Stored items
Section Transfer.
Variables (R : realType) (M : Type) (dM : M -> M -> R) (p : M) (X : normedModType R).
Hypothesis hM : is_metric dM.
Variable s : seq (Lip0 dM p -> R).
Hypothesis s_free : forall i, free_functional s`_i.
Variables (k : nat) (v : nat -> Lip0 dM p -> R) (x : nat -> Lip0 dM p).
Hypotheses (bio : biorthogonal k v x) (v_lcomb : forall j, is_lcomb s (v j)).
Hypothesis rep : forall mu, is_lcomb s mu -> reproduces k v x mu.
Variable K : nat -> R.
Hypothesis K_ge0 : forall j, 0 <= K j.
Hypothesis K_lipschitz : forall j a b, `|sval (x j) a - sval (x j) b| <= K j * dM a b.
Variables (del : R) (sa : nat -> seq (R * M)).
Hypothesis sa_approx : forall j (f : Lip0 dM p), lip1 dM (sval f) ->
  `|v j f - \sum_(q <- sa j) q.1 * sval f q.2| <= del.
Hypothesis del_ge0 : 0 <= del.
Variable theta : R.
Hypotheses (err_le : (\sum_(j < k) K j) * del <= theta) (theta_lt1 : theta < 1).
Variables (phi : M -> X) (A B : R).
Hypotheses (A_gt0 : 0 < A) (B_gt0 : 0 < B).
Let nodes := p :: approx_nodes k sa.
Hypothesis phi_le : forall y y', List.In y nodes -> List.In y' nodes ->
  normdist (phi y) (phi y') <= A * dM y y'.
Hypothesis phi_ge : forall y y', List.In y nodes -> List.In y' nodes ->
  dM y y' <= B * normdist (phi y) (phi y').

Let dM_ge0 a b : 0 <= dM a b. Proof. by case: hM. Qed.
Let dX_ge0 (a b : X) : 0 <= normdist a b. Proof. by case: (normdist_metric X). Qed.
Let lcomb_free u : is_lcomb s u -> free_functional u.
Proof. exact: free_functional_lcomb. Qed.

Let psi y := phi y - phi p.

Let dist_psi y y' : normdist (psi y) (psi y') = normdist (phi y) (phi y').
Proof. by rewrite /normdist /psi opprB addrA subrK. Qed.

(* [transfer u] replaces [v j] in [u = \sum_j u (x j) v j] by its discrete approximation
   [sa j], pushed forward by [psi]. *)
Definition transfer_basis j : Lip0 (@normdist R X) 0 -> R :=
  \sum_(q <- sa j) q.1 *: @delta R X (@normdist R X) 0 (psi q.2).

Definition transfer (u : Lip0 dM p -> R) : Lip0 (@normdist R X) 0 -> R :=
  \sum_(j < k) u (x j) *: transfer_basis j.

Definition discretize (u : Lip0 dM p -> R) (h : Lip0 dM p) : R :=
  \sum_(j < k) u (x j) * \sum_(q <- sa j) q.1 * sval h q.2.

Lemma transferE u g :
  transfer u g = \sum_(j < k) u (x j) * \sum_(q <- sa j) q.1 * sval g (psi q.2).
Proof. by rewrite /transfer fct_sumE; apply: eq_bigr => j _; rewrite /= /transfer_basis fct_sumE. Qed.

Lemma discretize_err u : is_lcomb s u ->
  lip0_bounded (fun h => u h - discretize u h) (theta * dnormr u).
Proof.
move=> lc_u h lip1_h /=; have [scal_u _ [c bnd_u] _] := lcomb_free lc_u.
rewrite [u h](rep lc_u) /discretize -sumrB.
under eq_bigr do rewrite -mulrBr.
rewrite (le_trans (ler_norm_sum _ _ _)) // (le_trans _ (ler_wpM2r (dnormr_ge0 dM_ge0 u) err_le)) //.
rewrite !mulr_suml; apply: ler_sum => j _.
rewrite normrM mulrAC ler_pM //; last exact: sa_approx.
exact: (lip0_bounded_lipschitz dM_ge0 scal_u (dnormr_bounded dM_ge0 bnd_u)).
Qed.

Lemma transfer_scalable u : lip0_scalable (transfer u).
Proof.
move=> a g g' eq_g'; rewrite !transferE eq_g' mulr_sumr; apply: eq_bigr => j _ /=.
by rewrite mulrCA; congr (_ * _); rewrite mulr_sumr; apply: eq_bigr => q _; ring.
Qed.

Lemma discretize_err_lipschitz u (h : Lip0 dM p) L : is_lcomb s u -> 0 <= L ->
  (forall a b, `|sval h a - sval h b| <= L * dM a b) ->
  `|u h - discretize u h| <= L * (theta * dnormr u).
Proof.
move=> lc_u L_ge0 h_lip; have [scal_u _ _ _] := lcomb_free lc_u.
have scal_err : lip0_scalable (fun h => u h - discretize u h).
  move=> a f f' eq_f'; rewrite (scal_u _ _ _ eq_f') /discretize eq_f' mulrBr mulr_sumr.
  congr (_ - _); apply: eq_bigr => j _ /=.
  by rewrite mulrCA; congr (_ * _); rewrite mulr_sumr; apply: eq_bigr => q _; ring.
exact: (lip0_bounded_lipschitz dM_ge0 scal_err (discretize_err lc_u) L_ge0 h_lip).
Qed.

**TASK GOAL:** Where the word "mulrBr" occurs in a line of the entries above, count that line, and reply with the total only.

**SOLUTION:** 2